**EXERCISE PROMPT:** Your answer should consist of all lines in the listing that hold the word "discriminate".

------ DATA SUPPLIED

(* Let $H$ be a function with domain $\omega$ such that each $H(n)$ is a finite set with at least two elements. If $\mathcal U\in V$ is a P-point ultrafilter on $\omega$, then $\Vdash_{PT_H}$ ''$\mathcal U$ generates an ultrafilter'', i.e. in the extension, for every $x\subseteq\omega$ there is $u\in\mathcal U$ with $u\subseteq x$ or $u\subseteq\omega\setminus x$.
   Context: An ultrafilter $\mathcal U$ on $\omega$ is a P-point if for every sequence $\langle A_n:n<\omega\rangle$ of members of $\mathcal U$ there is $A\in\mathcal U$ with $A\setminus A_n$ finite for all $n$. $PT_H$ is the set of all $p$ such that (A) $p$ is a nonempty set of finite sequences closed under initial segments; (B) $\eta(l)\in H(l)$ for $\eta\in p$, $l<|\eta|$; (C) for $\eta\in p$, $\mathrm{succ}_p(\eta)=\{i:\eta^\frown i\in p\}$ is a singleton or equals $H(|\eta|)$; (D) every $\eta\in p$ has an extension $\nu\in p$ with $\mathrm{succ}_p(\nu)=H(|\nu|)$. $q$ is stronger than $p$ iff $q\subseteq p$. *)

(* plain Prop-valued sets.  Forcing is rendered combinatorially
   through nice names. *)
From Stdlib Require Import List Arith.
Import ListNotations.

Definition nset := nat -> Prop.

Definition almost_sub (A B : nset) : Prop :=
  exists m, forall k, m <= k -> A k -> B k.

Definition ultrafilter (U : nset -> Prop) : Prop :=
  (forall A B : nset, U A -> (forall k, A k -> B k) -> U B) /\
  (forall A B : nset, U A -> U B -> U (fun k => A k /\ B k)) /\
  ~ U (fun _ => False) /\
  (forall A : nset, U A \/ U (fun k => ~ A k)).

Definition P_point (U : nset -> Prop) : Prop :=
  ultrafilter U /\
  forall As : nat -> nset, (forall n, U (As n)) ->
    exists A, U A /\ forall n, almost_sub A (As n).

------------
------ DATA SUPPLIED

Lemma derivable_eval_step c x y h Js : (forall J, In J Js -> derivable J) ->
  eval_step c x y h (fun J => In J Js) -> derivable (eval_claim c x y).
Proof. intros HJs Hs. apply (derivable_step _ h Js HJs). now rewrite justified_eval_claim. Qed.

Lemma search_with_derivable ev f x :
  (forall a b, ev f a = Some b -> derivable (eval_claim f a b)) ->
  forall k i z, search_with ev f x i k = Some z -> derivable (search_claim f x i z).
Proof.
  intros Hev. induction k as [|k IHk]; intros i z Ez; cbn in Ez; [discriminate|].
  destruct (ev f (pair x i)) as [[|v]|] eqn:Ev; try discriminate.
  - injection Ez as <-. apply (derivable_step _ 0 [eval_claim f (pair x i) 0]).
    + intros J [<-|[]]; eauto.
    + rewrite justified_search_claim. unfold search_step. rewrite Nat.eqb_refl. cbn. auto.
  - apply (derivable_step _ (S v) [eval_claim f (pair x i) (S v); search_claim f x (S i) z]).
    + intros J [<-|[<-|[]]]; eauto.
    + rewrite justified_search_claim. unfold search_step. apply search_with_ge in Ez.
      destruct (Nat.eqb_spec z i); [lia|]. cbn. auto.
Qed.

------------
------ DATA SUPPLIED

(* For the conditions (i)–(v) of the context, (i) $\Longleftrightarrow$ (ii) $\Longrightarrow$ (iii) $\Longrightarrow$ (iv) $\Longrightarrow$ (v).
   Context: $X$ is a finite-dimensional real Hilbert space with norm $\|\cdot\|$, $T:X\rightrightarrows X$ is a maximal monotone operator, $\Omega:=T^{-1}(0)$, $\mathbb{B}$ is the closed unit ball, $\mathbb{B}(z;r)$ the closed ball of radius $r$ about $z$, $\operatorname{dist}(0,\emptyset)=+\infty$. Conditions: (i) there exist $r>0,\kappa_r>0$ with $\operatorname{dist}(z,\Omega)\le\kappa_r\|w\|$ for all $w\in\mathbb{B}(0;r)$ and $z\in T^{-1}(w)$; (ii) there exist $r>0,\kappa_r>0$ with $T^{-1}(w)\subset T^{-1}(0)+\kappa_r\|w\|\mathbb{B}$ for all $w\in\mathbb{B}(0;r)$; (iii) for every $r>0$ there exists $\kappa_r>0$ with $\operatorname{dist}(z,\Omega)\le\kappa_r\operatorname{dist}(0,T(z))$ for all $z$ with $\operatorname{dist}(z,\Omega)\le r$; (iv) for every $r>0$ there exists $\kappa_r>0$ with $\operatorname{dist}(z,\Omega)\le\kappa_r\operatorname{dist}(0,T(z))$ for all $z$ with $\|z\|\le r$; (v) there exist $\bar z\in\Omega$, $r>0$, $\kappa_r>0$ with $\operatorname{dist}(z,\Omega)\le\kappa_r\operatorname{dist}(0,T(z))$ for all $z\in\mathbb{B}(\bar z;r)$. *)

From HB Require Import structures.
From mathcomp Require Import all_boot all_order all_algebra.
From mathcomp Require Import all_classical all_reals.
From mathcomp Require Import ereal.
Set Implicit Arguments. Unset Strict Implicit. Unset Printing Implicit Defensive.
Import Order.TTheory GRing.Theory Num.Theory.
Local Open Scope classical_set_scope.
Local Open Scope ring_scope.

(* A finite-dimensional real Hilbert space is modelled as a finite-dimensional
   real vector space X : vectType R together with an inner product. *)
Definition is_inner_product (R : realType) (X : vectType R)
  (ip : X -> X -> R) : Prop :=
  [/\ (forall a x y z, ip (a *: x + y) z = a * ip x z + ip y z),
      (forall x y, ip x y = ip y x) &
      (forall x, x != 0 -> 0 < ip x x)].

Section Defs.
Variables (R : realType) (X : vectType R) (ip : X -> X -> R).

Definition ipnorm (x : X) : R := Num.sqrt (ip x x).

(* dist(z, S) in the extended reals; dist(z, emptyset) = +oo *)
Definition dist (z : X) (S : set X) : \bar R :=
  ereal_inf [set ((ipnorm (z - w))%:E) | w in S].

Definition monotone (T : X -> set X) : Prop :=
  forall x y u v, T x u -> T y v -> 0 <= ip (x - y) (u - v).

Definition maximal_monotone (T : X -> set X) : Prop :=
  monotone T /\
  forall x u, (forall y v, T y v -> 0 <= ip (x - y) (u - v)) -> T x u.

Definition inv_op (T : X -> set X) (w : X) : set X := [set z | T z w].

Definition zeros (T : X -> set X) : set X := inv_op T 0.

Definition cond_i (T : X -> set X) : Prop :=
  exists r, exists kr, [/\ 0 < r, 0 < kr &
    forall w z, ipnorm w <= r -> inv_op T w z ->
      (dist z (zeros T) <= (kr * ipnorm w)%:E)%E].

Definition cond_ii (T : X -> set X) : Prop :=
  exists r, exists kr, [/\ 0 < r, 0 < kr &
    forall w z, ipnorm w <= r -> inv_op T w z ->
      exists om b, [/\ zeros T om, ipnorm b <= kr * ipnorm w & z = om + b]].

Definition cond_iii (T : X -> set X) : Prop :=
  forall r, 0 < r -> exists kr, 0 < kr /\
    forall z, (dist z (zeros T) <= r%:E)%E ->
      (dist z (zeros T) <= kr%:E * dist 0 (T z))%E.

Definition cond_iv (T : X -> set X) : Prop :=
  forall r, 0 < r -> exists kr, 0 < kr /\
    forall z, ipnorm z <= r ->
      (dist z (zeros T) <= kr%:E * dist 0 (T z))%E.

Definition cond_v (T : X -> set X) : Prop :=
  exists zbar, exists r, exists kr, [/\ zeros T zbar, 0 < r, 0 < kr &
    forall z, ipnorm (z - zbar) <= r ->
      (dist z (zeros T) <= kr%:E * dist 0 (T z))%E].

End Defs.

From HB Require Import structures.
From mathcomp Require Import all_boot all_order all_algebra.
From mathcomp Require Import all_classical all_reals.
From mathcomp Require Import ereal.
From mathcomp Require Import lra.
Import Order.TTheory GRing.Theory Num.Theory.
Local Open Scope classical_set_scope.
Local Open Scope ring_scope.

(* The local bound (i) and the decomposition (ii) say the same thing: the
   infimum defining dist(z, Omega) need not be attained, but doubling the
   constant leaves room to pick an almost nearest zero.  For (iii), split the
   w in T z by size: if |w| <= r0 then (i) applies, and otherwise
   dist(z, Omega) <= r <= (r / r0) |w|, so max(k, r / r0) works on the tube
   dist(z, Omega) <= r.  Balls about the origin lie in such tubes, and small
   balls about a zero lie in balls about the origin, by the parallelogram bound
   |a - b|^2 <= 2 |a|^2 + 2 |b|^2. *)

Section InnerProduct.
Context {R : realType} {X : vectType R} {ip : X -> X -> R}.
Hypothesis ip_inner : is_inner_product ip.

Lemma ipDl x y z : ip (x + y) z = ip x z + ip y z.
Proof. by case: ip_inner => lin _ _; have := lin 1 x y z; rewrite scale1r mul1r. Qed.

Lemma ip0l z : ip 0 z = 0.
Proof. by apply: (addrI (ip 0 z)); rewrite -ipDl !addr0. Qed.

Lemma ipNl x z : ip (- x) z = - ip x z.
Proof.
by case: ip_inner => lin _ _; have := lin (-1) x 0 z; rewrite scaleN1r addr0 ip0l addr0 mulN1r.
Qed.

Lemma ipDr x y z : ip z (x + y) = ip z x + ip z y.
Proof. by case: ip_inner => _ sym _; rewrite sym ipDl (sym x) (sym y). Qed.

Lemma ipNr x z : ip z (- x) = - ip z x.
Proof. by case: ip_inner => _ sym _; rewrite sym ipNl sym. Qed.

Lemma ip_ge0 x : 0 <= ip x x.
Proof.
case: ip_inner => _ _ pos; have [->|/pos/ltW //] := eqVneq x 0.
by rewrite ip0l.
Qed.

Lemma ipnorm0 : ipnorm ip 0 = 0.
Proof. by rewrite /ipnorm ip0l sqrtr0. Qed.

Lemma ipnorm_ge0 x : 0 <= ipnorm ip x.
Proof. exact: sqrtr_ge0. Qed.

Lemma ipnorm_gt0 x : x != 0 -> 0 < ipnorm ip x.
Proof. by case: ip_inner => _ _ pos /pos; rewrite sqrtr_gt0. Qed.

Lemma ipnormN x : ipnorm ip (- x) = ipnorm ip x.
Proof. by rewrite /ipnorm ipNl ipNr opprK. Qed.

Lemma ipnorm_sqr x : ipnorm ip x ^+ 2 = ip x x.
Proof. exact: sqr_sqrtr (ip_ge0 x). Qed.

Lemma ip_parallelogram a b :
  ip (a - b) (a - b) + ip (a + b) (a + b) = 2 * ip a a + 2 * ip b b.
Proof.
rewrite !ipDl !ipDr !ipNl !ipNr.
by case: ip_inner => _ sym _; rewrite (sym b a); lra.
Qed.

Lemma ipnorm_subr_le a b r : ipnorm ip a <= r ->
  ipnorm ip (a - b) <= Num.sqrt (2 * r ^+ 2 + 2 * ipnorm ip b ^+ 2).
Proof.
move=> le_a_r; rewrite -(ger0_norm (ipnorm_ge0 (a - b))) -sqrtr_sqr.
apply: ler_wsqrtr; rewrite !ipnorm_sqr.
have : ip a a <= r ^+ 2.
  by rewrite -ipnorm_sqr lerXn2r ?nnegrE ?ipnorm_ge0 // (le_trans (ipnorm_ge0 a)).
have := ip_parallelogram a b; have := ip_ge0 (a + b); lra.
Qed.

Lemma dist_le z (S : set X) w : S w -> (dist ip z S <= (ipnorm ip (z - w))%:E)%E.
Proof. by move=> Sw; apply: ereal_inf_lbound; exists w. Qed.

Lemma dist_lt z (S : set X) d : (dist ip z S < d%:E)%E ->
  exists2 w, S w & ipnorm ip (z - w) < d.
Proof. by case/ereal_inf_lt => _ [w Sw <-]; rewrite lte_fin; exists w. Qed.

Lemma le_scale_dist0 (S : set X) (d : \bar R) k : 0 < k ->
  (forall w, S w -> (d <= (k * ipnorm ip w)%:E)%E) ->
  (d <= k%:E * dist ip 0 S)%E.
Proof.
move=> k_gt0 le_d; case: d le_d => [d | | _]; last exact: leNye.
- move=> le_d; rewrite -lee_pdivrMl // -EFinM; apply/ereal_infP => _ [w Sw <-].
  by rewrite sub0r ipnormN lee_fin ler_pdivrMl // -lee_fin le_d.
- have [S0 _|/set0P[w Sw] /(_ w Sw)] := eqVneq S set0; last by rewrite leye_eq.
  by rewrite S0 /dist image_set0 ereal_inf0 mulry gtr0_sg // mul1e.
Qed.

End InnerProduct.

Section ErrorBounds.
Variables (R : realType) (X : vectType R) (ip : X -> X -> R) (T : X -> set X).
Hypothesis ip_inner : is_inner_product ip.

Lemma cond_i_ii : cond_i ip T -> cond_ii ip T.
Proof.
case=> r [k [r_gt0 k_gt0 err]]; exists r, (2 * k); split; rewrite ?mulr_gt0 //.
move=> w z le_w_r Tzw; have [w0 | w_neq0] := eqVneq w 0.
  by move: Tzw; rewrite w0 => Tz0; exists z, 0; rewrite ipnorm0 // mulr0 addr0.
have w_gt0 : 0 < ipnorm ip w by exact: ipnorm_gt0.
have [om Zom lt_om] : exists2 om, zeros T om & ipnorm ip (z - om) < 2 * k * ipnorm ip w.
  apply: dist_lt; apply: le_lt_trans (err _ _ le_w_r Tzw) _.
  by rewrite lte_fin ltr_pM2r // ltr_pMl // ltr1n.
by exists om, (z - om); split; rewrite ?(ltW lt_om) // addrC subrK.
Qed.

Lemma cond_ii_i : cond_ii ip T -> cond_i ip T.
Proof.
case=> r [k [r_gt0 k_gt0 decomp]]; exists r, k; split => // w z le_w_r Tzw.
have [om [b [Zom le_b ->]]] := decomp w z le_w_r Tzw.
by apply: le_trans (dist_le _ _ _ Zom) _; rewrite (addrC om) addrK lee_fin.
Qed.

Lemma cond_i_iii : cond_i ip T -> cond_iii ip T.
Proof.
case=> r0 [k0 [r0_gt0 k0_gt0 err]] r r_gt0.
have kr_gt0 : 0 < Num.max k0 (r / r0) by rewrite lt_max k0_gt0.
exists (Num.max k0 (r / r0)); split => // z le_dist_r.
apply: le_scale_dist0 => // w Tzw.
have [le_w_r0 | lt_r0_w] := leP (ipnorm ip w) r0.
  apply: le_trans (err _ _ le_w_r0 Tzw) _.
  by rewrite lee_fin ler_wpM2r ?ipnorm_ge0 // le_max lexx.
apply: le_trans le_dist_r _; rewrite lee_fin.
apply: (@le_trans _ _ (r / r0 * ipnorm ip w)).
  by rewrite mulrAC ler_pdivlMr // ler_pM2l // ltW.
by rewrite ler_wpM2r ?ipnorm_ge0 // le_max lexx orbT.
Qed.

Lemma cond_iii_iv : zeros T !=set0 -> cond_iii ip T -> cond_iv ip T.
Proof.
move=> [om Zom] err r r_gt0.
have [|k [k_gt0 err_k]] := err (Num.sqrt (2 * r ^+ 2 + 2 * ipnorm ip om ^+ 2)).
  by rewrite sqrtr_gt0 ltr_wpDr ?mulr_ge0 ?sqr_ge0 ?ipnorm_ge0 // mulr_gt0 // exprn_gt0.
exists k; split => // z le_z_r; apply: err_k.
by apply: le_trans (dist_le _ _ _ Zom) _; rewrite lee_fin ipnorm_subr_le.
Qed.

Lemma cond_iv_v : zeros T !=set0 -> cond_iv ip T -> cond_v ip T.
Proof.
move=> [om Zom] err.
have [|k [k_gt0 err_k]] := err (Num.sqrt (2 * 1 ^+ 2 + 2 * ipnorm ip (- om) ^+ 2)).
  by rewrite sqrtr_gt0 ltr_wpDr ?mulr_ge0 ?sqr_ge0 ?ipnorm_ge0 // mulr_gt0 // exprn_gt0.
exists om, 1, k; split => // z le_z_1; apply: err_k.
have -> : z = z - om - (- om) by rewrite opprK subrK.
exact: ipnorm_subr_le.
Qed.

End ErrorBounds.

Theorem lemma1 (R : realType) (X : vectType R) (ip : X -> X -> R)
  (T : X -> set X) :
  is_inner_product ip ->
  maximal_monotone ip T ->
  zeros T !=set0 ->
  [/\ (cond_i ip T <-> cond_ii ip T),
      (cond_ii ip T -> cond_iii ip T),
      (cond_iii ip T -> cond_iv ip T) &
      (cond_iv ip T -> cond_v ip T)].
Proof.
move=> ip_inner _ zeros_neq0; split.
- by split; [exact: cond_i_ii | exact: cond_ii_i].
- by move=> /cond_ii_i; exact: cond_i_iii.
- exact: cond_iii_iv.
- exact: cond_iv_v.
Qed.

------------

**SOLUTION TO THIS EXERCISE:**
  intros Hev. induction k as [|k IHk]; intros i z Ez; cbn in Ez; [discriminate|].
  destruct (ev f (pair x i)) as [[|v]|] eqn:Ev; try discriminate.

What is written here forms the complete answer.